The implantable electrical stimulator 100 may include an electrode lead 30. By way of example only, at least a portion of the electrode lead 30 may be implanted into the patient's spinal epidural space. Of course, in other examples, the electrode lead 30 may also be implanted into other peripheral nerves. The electrode lead 30 includes a plurality of electrode contacts 40. Exemplarily, the number of electrode contacts 40 may be 2, 4, 6, or 8. Of course, in other examples, the number of electrode contacts 40 may also be other numbers, and the present disclosure does not specifically limit the number of electrode contacts 40. For example, in some embodiments, the number of electrode contacts 40 may also be an odd number.

The implantable electrical stimulator 100 is configured to generate electrical pulses. It should be noted that in the present disclosure, electrical pulses may refer to current pulses or voltage pulses. The electrical pulses are transmitted to the electrode contacts 40 via the electrode leads 30, and are ultimately delivered to the target nerves of the patient via the electrode contacts 40 to achieve therapeutic purposes such as pain relief.

The implantable electrical stimulator 100 provided by the present disclosure is placed in the patient's body, and the implantable electrical stimulator 100 can be supplemented with electrical energy through, for example, an external charging device 60. At the same time, the implantable electrical stimulator 100 can also be configured to exchange data through an external programming device 50. If the implantable electrical stimulator 100 provided by the present disclosure is used, functions such as wireless charging, pulse control instruction changes, data exchange, etc. can be conveniently realized through external devices.

For ease of understanding, the structure of the implantable electrical stimulator 100 is illustrated below. It should be understood that the structure of the implantable electrical stimulator 100 should not be limited to the following description. For example, one or more of the elements cited below can be omitted or replaced, and the layout relationship between them can be replaced.

For example, the implantable electrical stimulator 100 may be mainly composed of a shell part, a control device, an interactive device, and leads and electrode contacts. The main function of the shell part is to provide a solid protective layer for the internal components of the implantable electrical stimulator 100, such as the rechargeable battery 103, the control device, etc. This helps to prevent the physical impact of the external environment, the erosion of chemical substances, and the natural reaction of the organism, such as rejection, from damaging the internal components, and ensure the stable and safe operation of the electrical stimulator. The control device is the core part of the electrical stimulator. This module can generate electrical stimulation pulses with a certain frequency, waveform, pulse width, and intensity. These pulse parameters can be adjusted according to treatment needs. The interactive device usually includes a communication device 202 and a wireless charging device 203, etc. The communication device 202 is responsible for receiving instructions from the external controller and transmitting the instructions to the control device, and the control device generates a stimulation pulse control signal according to preset parameters. Some communication devices 202 also provide a system start-up and shutdown control interface, a stimulation signal generation module interface, and a program writing interface to ensure the normal operation of the entire system. Through the communication device 202, doctors or patients can, for example, remotely adjust the stimulation parameters of the electrical stimulator, such as frequency, pulse width, stimulation intensity, etc., as needed. This helps to implement personalized treatment plans and make real-time adjustments based on the treatment effect. Some communication devices 202 can also send information so that medical staff can record the use data, treatment effects and other information of the electrical stimulator, and store them on related equipment or cloud servers. The leads and stimulating physiological electrodes are the parts of the electrical stimulator that are in direct contact with the nerves or muscles, and are responsible for transmitting electrical stimulation pulses to the target nerves or muscle tissues, thereby achieving electrical stimulation treatment of the nerves or muscles.
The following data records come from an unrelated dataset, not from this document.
(* Assume $(d,q)=(2,2)$. The third-order term of the Taylor expansion of $f(\bm{x})$ around the mode $\bm{x}=\bm{\theta}$ is either: (i) $0$ identically, in which case the asymptotic bias (AB) is equal to zero with an arbitrary $\mathrm{Q}$; (ii) of the form $\prod_{i=1}^3\bm{a}_i^\top(\bm{x}-\bm{\theta})$ with $\bm{a}_1,\bm{a}_2,\bm{a}_3$, any two of which are linearly independent, in which case there is a choice of $\mathrm{Q}$ with which the AB is equal to zero; (iii) neither identically $0$ nor of the form described in (ii), in which case the AB cannot be made equal to zero by any choice of $\mathrm{Q}$.
   Context: Let $f$ be a probability density function on $\mathbb{R}^d$ with unique mode $\bm{\theta}$ and non-singular Hessian $Hf(\bm{\theta})$, and let $\mathrm{A}=\{Hf(\bm{\theta})\}^{-1}$. The kernel mode estimator $\bm{\theta}_n$ (maximizer of a kernel density estimate with bandwidth $h_n$) uses an elliptic kernel $K_\mathrm{P}(\bm{x})=K(\mathrm{P}\bm{x})$, where $K(\cdot)=G(\|\cdot\|)$ is a $q$-th order radial-basis kernel and $\mathrm{P}$ is a $d\times d$ matrix with $|\det\mathrm{P}|=1$; let $\mathrm{Q}=\mathrm{P}^{-1}\mathrm{P}^{-\top}$ (positive definite). The asymptotic bias (AB) of $\bm{\theta}_n$ is $\mathrm{E}[\bm{\theta}_n-\bm{\theta}]\approx -\frac{\pi^{d/2}h_n^q}{2^{q-1}\Gamma(\frac{d+q}{2})\Gamma(\frac{q}{2}+1)}B_{d,q}(G)\,\mathrm{A}\,\nabla(\nabla^\top\mathrm{Q}\nabla)^{q/2}f(\bm{\theta})$, with $B_{d,q}(G)=\int_0^\infty x^{d-1+q}G(x)\,dx\neq 0$, so the AB vanishes iff $\nabla(\nabla^\top\mathrm{Q}\nabla)^{q/2}f(\bm{\theta})=\bm{0}_d$. *)

From HB Require Import structures.
From mathcomp Require Import all_boot all_order all_algebra.
From mathcomp Require Import all_classical all_reals all_analysis.
Set Implicit Arguments. Unset Strict Implicit. Unset Printing Implicit Defensive.
Import Order.TTheory GRing.Theory Num.Theory.
Import numFieldNormedType.Exports.
Local Open Scope ring_scope.
(* (i) Let $W$ be a real entanglement witness on $\mathbb{C}^m\otimes\mathbb{C}^n$. If $W$ detects an entangled state $\rho$ (i.e. $\mathrm{tr}(W\rho)<0$), then $W$ also detects $\rho^*$ and $\rho^+$. Conversely, if a real entangled state $\rho$ is detected by an entanglement witness $W$, then $\rho$ is also detected by the two entanglement witnesses $W^*$ and $W^+$. (ii) An entangled state $\rho$ on $\mathbb{C}^m\otimes\mathbb{C}^n$ is detected by some real entanglement witness if and only if $\rho^+$ is a real entangled state.
   Context: An entanglement witness (EW) on $\mathbb{C}^m\otimes\mathbb{C}^n$ is a Hermitian matrix $W$ such that $\mathrm{tr}(W\sigma)\ge 0$ for every separable state $\sigma$ and $\mathrm{tr}(W\sigma)<0$ for at least one entangled state $\sigma$; $W$ detects a state $\rho$ if $\mathrm{tr}(W\rho)<0$. A real EW is an EW whose matrix (in the computational product basis) has real entries; a real state is a state whose density matrix has real entries. Separability/entanglement always refers to the standard definition over the complex Hilbert space. For a Hermitian $H$, $H^*$ is its entrywise complex conjugate and $H^+:=\frac12(H+H^* )$ is its real part. *)

(* Kronecker product: mathcomp-real-closed's mxtens (A *t B), whose index
   convention (i1,i2) |-> i1*n + i2 is the computational product basis. *)
From HB Require Import structures.
From mathcomp Require Import all_boot all_order all_algebra.
From mathcomp Require Import reals.
From mathcomp Require Import complex mxtens.
Set Implicit Arguments.
Unset Strict Implicit.
Unset Printing Implicit Defensive.
Import Order.TTheory GRing.Theory Num.Theory.
Local Open Scope ring_scope.
Lemma VecGrad_jump e Om Gam gam D E lam mu u s (Us Uo : R2 -> Prop) P :
  (forall s0, 0 < lam s0) -> (forall s0, 0 < mu s0) ->
  interface_element e Om Gam gam D E -> PC2_int e Om Gam gam lam mu u ->
  open_set Us -> open_set Uo -> Us P -> Uo P ->
  (forall k, (k < 2)%nat -> C1_on Us (u s k) /\ C1_on Uo (u (opp s) k)) ->
  Gam P -> inT e P ->
  forall m, (m < 4)%nat ->
    VecGrad (u (opp s)) P m 0%nat =
    sumR 4 (fun l => Mmat lam mu s (unormal gam P) m l * VecGrad (u s) P l 0%nat).
Proof.
  intros Hlam Hmu Hie Hpc HUs HUo HPs HPo HC1 HG HT.
  destruct Hie as [_ [_ [_ [_ [_ [_ [Hgiff [_ [_ [_ [_ [Hc1 [Hc2 [Hgd _]]]]]]]]]]]]]].
  assert (HP : exists tau, 0 <= tau <= 1 /\ gam tau = P) by (apply Hgiff; auto).
  destruct (unormal_tangent gam P HP Hgd) as [tau [c [Htau [<- [_ [_ Htang]]]]]].
  unfold Mmat.
  apply (solve_by_left_inverse _ (Nmat (lam (opp s)) (mu (opp s)) (unormal gam (gam tau)))).
  - pose proof (Hlam (opp s)). pose proof (Hmu (opp s)).
    apply minv_Nmat_l; auto; [lra|]. apply unormal_nonzero; eauto.
  - apply Nmat_VecGrad_eq; [apply (PC2_int_interface e Om Gam); auto|].
    intros k Hk. rewrite Htang, !dirder_pscal. f_equal.
    apply (dirder_tangent_eq Uo Us); auto; try apply HC1; auto.
    intros s1 Hs1. destruct (proj2 (Hgiff (gam s1)) (ex_intro _ s1 (conj Hs1 eq_refl))).
    apply (PC2_int_interface e Om Gam gam lam mu); auto.
Qed.

Lemma C1_on_VecGrad (U : R2 -> Prop) (u : nat -> R2 -> R) m :
  (forall k, (k < 2)%nat -> C2_on U (u k)) -> (m < 4)%nat ->
  C1_on U (fun p => VecGrad u p m 0%nat).
Proof.
  intros H Hm.
  destruct m as [|[|[|[|m]]]]; try lia.
  - exact (proj2 (H 0%nat ltac:(lia)) 0%nat ltac:(lia)).
  - exact (proj2 (H 1%nat ltac:(lia)) 0%nat ltac:(lia)).
  - exact (proj2 (H 0%nat ltac:(lia)) 1%nat ltac:(lia)).
  - exact (proj2 (H 1%nat ltac:(lia)) 1%nat ltac:(lia)).
Qed.

Lemma kron_rowp_mmul d (w : Mx) k j : (k < 2)%nat ->
  mmul 4 (kron 2 2 (rowp d) idm) w k j = fst d * w k j + snd d * w (S (S k)) j.
Proof.
  intros Hk. destruct k as [|[|k]]; try lia; unfold mmul, kron, rowp, idm, coord; simpl; ring.
Qed.

Lemma dirder_VecGrad (u : nat -> R2 -> R) d p k : (k < 2)%nat ->
  dirder (u k) d p = fst d * VecGrad u p k 0%nat + snd d * VecGrad u p (S (S k)) 0%nat.
Proof.
  intros Hk. destruct k as [|[|k]]; try lia; unfold dirder, VecGrad, vecm, grad; simpl; ring.
Qed.

(* With A - Y = (1 - tt) (A - X), the jump term and R3 combine into
   (1 - tt) (A - X)^T (M - I) Vec(grad u^s)(Y), the jump of the directional derivative. *)
Lemma interface_Taylor_identity (us uo : nat -> R2 -> R) (Ms W : Mx) (A X : R2)
    (tt r1 r2 : R) k j :
  (k < 2)%nat ->
  let Y := Yseg A X tt in
  let KAX := kron 2 2 (rowp (psub A X)) idm in
  let KAY := kron 2 2 (rowp (psub A Y)) idm in
  (forall m, (m < 4)%nat ->
     VecGrad uo Y m 0%nat = sumR 4 (fun l => Ms m l * VecGrad us Y l 0%nat)) ->
  us k Y = uo k Y ->
  r1 = ((1 - tt) * dirder (us k) (psub A X) Y + us k Y) -
       ((1 - 0) * dirder (us k) (psub A X) X + us k X) ->
  r2 = ((1 - 1) * dirder (uo k) (psub A X) A + uo k A) -
       ((1 - tt) * dirder (uo k) (psub A X) Y + uo k Y) ->
  (forall m, (m < 4)%nat -> W m j = VecGrad us Y m 0%nat - VecGrad us X m 0%nat) ->
  uo k A = us k X + (mmul 4 KAX (VecGrad us X) k j +
    (mmul 4 KAY (mmul 4 (msub Ms idm) (VecGrad us X)) k j +
     (r1 + (r2 + (1 - tt) * mmul 4 KAX (mmul 4 (msub Ms idm) W) k j)))).
Proof.
  intros Hk Y KAX KAY Hjump Hcont -> -> HW.
  unfold KAX, KAY. rewrite !kron_rowp_mmul by lia.
  rewrite !(dirder_VecGrad _ _ _ k), (Hjump k), (Hjump (S (S k))), Hcont by lia.
  unfold mmul, msub, idm. rewrite !sumR_4, !HW by lia.
  unfold Y, psub, Yseg, padd, pscal, VecGrad, vecm. simpl.
  destruct k as [|[|k]]; try lia; simpl; ring.
Qed.
Theorem mainTheorem5
  (f : fespace) (e : elem) (Om : sgn -> R2 -> Prop) (Gam : R2 -> Prop)
  (gam : R -> R2) (D E : R2) (lam mu : sgn -> R) (u : sgn -> nat -> R2 -> R)
  (s : sgn) (sg : R) (A X : R2) (tt : R) :
  (forall s0, 0 < lam s0) -> (forall s0, 0 < mu s0) ->
  interface_element e Om Gam gam D E ->
  PC2_int e Om Gam gam lam mu u ->
  labelling e Om D E s sg ->
  (* i in I^{s'} *)
  In A (nodes f e) -> Tsub e Om (opp s) A ->
  (* X in T^s_* *)
  Tstar e Om gam D E sg s X ->
  (* Y~_i = Y_i(t~_i, X): the unique point where [X, A_i] meets Gamma ∩ T *)
  0 <= tt <= 1 ->
  Gam (Yseg A X tt) -> inT e (Yseg A X tt) ->
  (forall t, 0 <= t <= 1 -> Gam (Yseg A X t) -> inT e (Yseg A X t) -> t = tt) ->
  let Yt := Yseg A X tt in
  let Ms := Mmat lam mu s (unormal gam Yt) in
  let KAX := kron 2 2 (rowp (psub A X)) idm in
  let KAY := kron 2 2 (rowp (psub A Yt)) idm in
  let R1 := fun k (_ : nat) =>
    Rint (fun t => (1 - t) * Dt (Dt (fun t' => u s k (Yseg A X t'))) t) 0 tt in
  let R2' := fun k (_ : nat) =>
    Rint (fun t => (1 - t) * Dt (Dt (fun t' => u (opp s) k (Yseg A X t'))) t) tt 1 in
  let W := fun k (_ : nat) =>
    Rint (fun t => Dt (fun t' => VecGrad (u s) (Yseg A X t') k 0%nat) t) 0 tt in
  let R3 := mscal (1 - tt) (mmul 4 KAX (mmul 4 (msub Ms idm) W)) in
  let Rs := madd R1 (madd R2' R3) in
  mx_eq 2 1 (ucol (u (opp s)) A)
    (madd (ucol (u s) X)
      (madd (mmul 4 KAX (VecGrad (u s) X))
        (madd (mmul 4 KAY (mmul 4 (msub Ms idm) (VecGrad (u s) X))) Rs))).
Proof.
  intros Hlam Hmu Hie Hpc _ _ HA HX Htt HGt HinT Huniq Yt Ms KAX KAY R1 R2' W R3 Rs k j Hk _.
  destruct HX as [_ [HX _]].
  destruct (segment_in_C2_domains e Om Gam gam D E lam mu u s A X tt Hie Hpc HA HX Htt HGt Huniq)
    as [Us [Uo [HUs [HUo [HC2 [HYs HYo]]]]]].
  assert (HC1 : forall k, (k < 2)%nat -> C1_on Us (u s k) /\ C1_on Uo (u (opp s) k))
    by (intros k' Hk'; split; apply HC2; auto).
  apply (interface_Taylor_identity (u s) (u (opp s)) Ms W A X tt); auto.
  - apply (VecGrad_jump e Om Gam gam D E lam mu u s Us Uo); auto; [apply HYs | apply HYo]; lra.
  - symmetry. apply (PC2_int_interface e Om Gam gam lam mu); auto.
  - unfold R1. rewrite (Rint_Taylor_comp_Yseg Us), Yseg_0; auto; [apply HC2; auto | lra].
  - unfold R2'. rewrite (Rint_Taylor_comp_Yseg Uo), Yseg_1; auto; [apply HC2; auto | lra].
  - intros m Hm. unfold W.
    rewrite (Rint_Dt_comp_Yseg Us (fun p => VecGrad (u s) p m 0%nat)), Yseg_0; auto; [|lra].
    apply C1_on_VecGrad; auto. intros k' Hk'. apply HC2; auto.
Qed.
(* Under the hypotheses in the context, the cohomology spaces of the differential algebra $(\mathcal A(\mathbf{CPE}),\{D_t,D_1,\dots,D_m\})$ are $$H^q_{\mathrm E}(\mathbf{CPE})\cong\begin{cases}0,& q<0,\ 1\le q\le m-2,\ q>m+1;\\ \mathbb R,& q=0;\\ \ker D_t^{m-1},& q=m-1;\\ H^m_{\mathrm H}(\mathbf{CPE})/\operatorname{im}D_t^m,& q=m+1,\end{cases}$$ and in degree $q=m$, $H^m_{\mathrm E}(\mathbf{CPE})/\operatorname{im}\big(H^{m-1}_{\mathrm H}(\mathbf{CPE})\big)\cong\ker D_t^m$, where the map $H^{m-1}_{\mathrm H}(\mathbf{CPE})\to H^m_{\mathrm E}(\mathbf{CPE})$ is induced by $\omega\mapsto(-1)^{m-1}dt\wedge\omega$.
   Context: Fix an integer $m\ge 2$, $M=\{1,\dots,m\}$, $N=\{2,\dots,m\}$; indices $\lambda,\mu$ in $M$, $\alpha,\beta$ in $N$; repeated upper/lower indices are summed. $\mathbb I=\mathbb Z_+^m$ is the set of multi-indices $\mathrm i$; $\mathrm i+(\mu)$ increases the $\mu$-th entry by $1$, $(\mu)=0+(\mu)$, $2(\mu)=(\mu)+(\mu)$; $\mathbb I_0=\{\mathrm i:i^1=0\}$, $\mathbb I_1=\{\mathrm i:i^1\in\{0,1\}\}$. $\mathcal A(\mathbf{CPE})$ is the algebra of smooth real functions of finitely many of the variables $t\in\mathbb R$, $x^\mu$, $u^1_{\mathrm i}$ ($\mathrm i\in\mathbb I_0$), $u^\alpha_{\mathrm i}$ ($\mathrm i\in\mathbb I$), $p_{\mathrm i}$ ($\mathrm i\in\mathbb I_1$). It carries commuting derivations $D_\mu=\partial_{x^\mu}+u^1_{\mathrm i_0+(\mu)}\partial_{u^1_{\mathrm i_0}}+u^\alpha_{\mathrm i+(\mu)}\partial_{u^\alpha_{\mathrm i}}+p_{\mathrm i_1+(\mu)}\partial_{p_{\mathrm i_1}}$ (sums over $\mathrm i_0\in\mathbb I_0$, $\mathrm i\in\mathbb I$, $\mathrm i_1\in\mathbb I_1$), where the variables not in the list are expressed recursively by $u^1_{\mathrm k}=-u^\beta_{\mathrm k-(1)+(\beta)}$ ($k^1\ge1$) and $p_{\mathrm k}=-D_{\mathrm k-2(1)}\Phi$ ($k^1\ge2$), $\Phi=\sum_\alpha p_{2(\alpha)}+u^\lambda_{(\mu)}u^\mu_{(\lambda)}$ with $u^1_{(1)}$ replaced by $-u^\alpha_{(\alpha)}$ (this is the quotient of the algebra of finite-order functions of $t,x^\mu,u^\mu_{\mathrm i},p_{\mathrm i}$ by the differential ideal generated by $u^\mu_{(\mu)}$ and $\Delta p+u^\lambda_{(\mu)}u^\mu_{(\lambda)}$, $\Delta=\sum_\mu D_\mu^2$). $D_{\mathrm i}=D_1^{i^1}\cdots D_m^{i^m}$. Let $\mathrm E=(E^1,\dots,E^m,E)\in\mathcal A(\mathbf{CPE})^{m+1}$ satisfy $D_\mu E^\mu=0$ and $\Delta E+2u^\lambda_{(\mu)}D_\lambda E^\mu=0$ (with $u^1_{(1)}=-u^\alpha_{(\alpha)}$), let $\mathrm{ev}_{\mathrm E}=D_{\mathrm i_0}E^1\,\partial_{u^1_{\mathrm i_0}}+D_{\mathrm i}E^\alpha\,\partial_{u^\alpha_{\mathrm i}}+D_{\mathrm i_1}E\,\partial_{p_{\mathrm i_1}}$, assumed to commute with all $D_\mu$, and let $D_t=\partial_t+\mathrm{ev}_{\mathrm E}$, so $[D_t,D_\mu]=0$. Horizontal forms $\Omega^q_{\mathrm H}$: $q$-forms in $dx^\mu$ with skew-symmetric coefficients in $\mathcal A(\mathbf{CPE})$ ($0\le q\le m$, zero otherwise), $d_{\mathrm H}=dx^\mu\wedge D_\mu$ (acting on coefficients), $H^q_{\mathrm H}(\mathbf{CPE})=\ker d_{\mathrm H}/\operatorname{im}d_{\mathrm H}$. Evolution forms: $\Omega^q_{\mathrm E}=dt\wedge\Omega^{q-1}_{\mathrm H}\oplus\Omega^q_{\mathrm H}$ with $d_{\mathrm E}(dt\wedge\omega^{q-1}+\omega^q)=dt\wedge(D_t\omega^q-d_{\mathrm H}\omega^{q-1})+d_{\mathrm H}\omega^q$ ($D_t$ acting coefficientwise), and $H^q_{\mathrm E}(\mathbf{CPE})=\ker d_{\mathrm E}/\operatorname{im}d_{\mathrm E}$ in degree $q$. $D_t$ acting coefficientwise commutes with $d_{\mathrm H}$ and induces $D^q_t:H^q_{\mathrm H}(\mathbf{CPE})\to H^q_{\mathrm H}(\mathbf{CPE})$. Standing fact used in the statement: $H^q_{\mathrm H}(\mathbf{CPE})=0$ for $1\le q\le m-2$, and $H^0_{\mathrm H}(\mathbf{CPE})$ consists of the smooth functions of $t$ alone. *)

From Stdlib Require Import Reals ZArith List.
From Coquelicot Require Import Coquelicot.
From mathcomp Require Import ssreflect ssrfun ssrbool eqtype ssrnat seq choice
  fintype finfun bigop finset.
Referring to FIG. 2 and FIG. 3 , in one embodiment, the housing portion divides the implanted stimulator into two parts, a first housing portion 10 and a second housing portion 20. The first housing portion 10 accommodates a control device and a battery 103. The control device includes, for example, a first circuit board 101 and a second circuit board 102 stacked and arranged at intervals along the thickness direction of the first housing portion 10, and, for example, a battery 103 arranged beside the first circuit board 101 and the second circuit board 102. The battery 103 is connected to the second circuit board 102 to provide power to the control device. The second housing portion 20 is located in the first housing portion 10 away from the battery 103 and accommodates an interactive device. The interactive device includes, for example, a communication device 202 and a wireless charging device 203. The communication device 202 is, for example, a spirally wound antenna connected to the control device via a connecting line 205. The wireless charging device 203 is, for example, an induction coil that can be connected to the control device via a connecting line 205. The induction coil can, for example, be attached to the inner surface of the second housing portion 20.

As an embodiment, the first housing portion 10 is configured to at least partially form an electromagnetic shielding of the control device relative to the external environment, and the second housing portion 20 is configured to allow at least one interaction device to wirelessly interact with the external device.

The first housing portion 10 may be made of metal, such as titanium alloy. As an electromagnetic shielding layer, the first housing portion 10 is mainly used to protect internal electronic components such as pulse generators from external electromagnetic interference EMI. This is particularly important in the modern society where wireless communication devices are increasing and the electromagnetic environment is complex, and can ensure stable operation of the device and avoid misoperation or functional failure.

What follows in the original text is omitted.